Robert Descharnes, curador da atual mostra do Masp, gosta de lembrar um bordão inventado por Dalí sobre si mesmo: o que se conhece em geral do artista representaria apenas "a ponta do iceberg de uma enorme criatividade submersa".
E a exposição imaginada pelo francês para o Brasil, dividida em 14 módulos que incluem registros fotográficos do cotidiano do artista feitos por ele, contribuiria, em hipótese, para revelar Dalí por inteiro.
Assim, além de "vender" o mito do "artista excêntrico" que costuma fascinar o público jovem ("todo artista é um pouco louco"), a mostra revela outra coisa: a metáfora do "iceberg" não passou de blefe desesperado ou golpe publicitário.
Nunca se conhecerá a "verdadeira criatividade" do artista, a menos que lhe seja dado um dia reencarnar.
No entanto, se o espectador da mostra dispensar o "pacote" que apresenta o artista como gênio incomparável da raça, pode garimpar na mostra atual dezenas de imagens instigantes.
As poucas telas do auge da fase surrealista (anos 30), bastante cuidadas na feitura, conservam frescor e impacto original. Em especial os óleos "Espectro de Vermeer Utilizado Como Mesa" (1934), "Eu Aos Dez Anos (...) Criança Gafanhoto" (33), o grafite "O Arco Histórico" (37), e algumas outras obras provenientes do Museu Dalí de São Petersburgo, Flórida.
Três ou quatro óleos dos anos 20 são impressionantemente cuidados nos detalhes e cores, bem como o famoso retrato de Gala de costas (45).
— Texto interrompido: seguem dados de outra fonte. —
(* Let $(G,\delta)$ be a nilpotent $\mathbb Q$-scalable group of step $s$ that is generated as a group by $\{\delta_q(x_i):q\in\mathbb Q,1\le i\le r\}$ for some $x_1,\dots,x_r\in V_1(G)$. Then $G^{(s)}$, equipped with the $\mathbb Q$-vector space structure $\sigma$ (where $\sigma_q=\delta_q$ if $s=1$ and $\sigma_{n/m}(z)=\delta_m^{-1}(z^{nm^{s-1}})$ for $n\in\mathbb Z,m\in\mathbb N$ if $s\ge2$), is finite dimensional.
   Context: A $\mathbb Q$-scalable group is a group $G$ with a map $\delta\colon\mathbb Q\times G\to G$ such that $\delta_\lambda$ is an automorphism for $\lambda\ne0$, $\delta_\lambda\circ\delta_\mu=\delta_{\lambda\mu}$, and $\delta_0\equiv e_G$. $V_1(G):=\{p:\delta_{t+s}(p)=\delta_t(p)\delta_s(p)\ \forall t,s\in\mathbb Q\}$. $[g,h]=ghg^{-1}h^{-1}$; $G^{(1)}=G$, $G^{(k)}=\langle[G,G^{(k-1)}]\rangle$; step $s$ means $G^{(s+1)}=\{e\}\ne G^{(s)}$. The map $\sigma$ above is known to make the abelian group $G^{(s)}$ a $\mathbb Q$-vector space. *)

From HB Require Import structures.
From mathcomp Require Import all_boot all_order all_algebra.
Set Implicit Arguments. Unset Strict Implicit. Unset Printing Implicit Defensive.
Import Order.TTheory GRing.Theory Num.Theory.

Section Defs.
Variables (G : Type) (mul : G -> G -> G) (inv : G -> G) (e : G).

Record is_group : Prop := IsGroup {
  mulA : forall x y z, mul x (mul y z) = mul (mul x y) z;
  mul1g : forall x, mul e x = x;
  mulg1 : forall x, mul x e = x;
  mulVg : forall x, mul (inv x) x = e;
  mulgV : forall x, mul x (inv x) = e }.

Definition is_group_hom (f : G -> G) : Prop :=
  forall x y, f (mul x y) = mul (f x) (f y).
Definition is_group_aut (f : G -> G) : Prop :=
  is_group_hom f /\ bijective f.

Definition Qscalable (delta : rat -> G -> G) : Prop :=
  [/\ (forall l : rat, l != 0%R -> is_group_aut (delta l)),
      (forall (l m : rat) x, delta l (delta m x) = delta (l * m)%R x)
    & (forall x, delta 0%R x = e)].

Definition V1 (delta : rat -> G -> G) (p : G) : Prop :=
  forall t s : rat, delta (t + s)%R p = mul (delta t p) (delta s p).

Definition commg (g h : G) : G := mul (mul (mul g h) (inv g)) (inv h).

Inductive gen (S : G -> Prop) : G -> Prop :=
| gen_one : gen S e
| gen_in x : S x -> gen S x
| gen_mul x y : gen S x -> gen S y -> gen S (mul x y)
| gen_inv x : gen S x -> gen S (inv x).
Porém, o aspecto melhor contemplado é o do Dalí ilustrador e gravador. As 42 gravuras feitas em 1934 para o livro "Os Cantos de Maldoror" merecem atenção, porém é sofrível a qualidade de impressão da série trazida.
Passa-se a um nanquim preciso nas admiráveis soluções criadas para ilustrar livros de Maurice Sandoz, na década de 50 (módulo "Os Príncipes do Mistério").
Utilizando procedimento de apropriação típico do Dada e do Surrealismo, o artista interveio em cor e forma sobre 50 gravuras da notável série medieval "Os Sonhos Engraçosos de Pantagruel", de um erotismo bufo. Os trabalhos mostrados são originais.
Há, ainda, dezenas de objetos mais que curiosos, como a ourivesaria em ouro, as esculturas-ânus, os livros-múltiplos.
Esculturas
Quanto ao que costuma atrair a maior atenção, as esculturas, é preciso lembrar que trata-se, na verdade, de "ready mades" (de séries de doze) mandados executar pelo artista segundo desenhos e instruções. Não têm alma.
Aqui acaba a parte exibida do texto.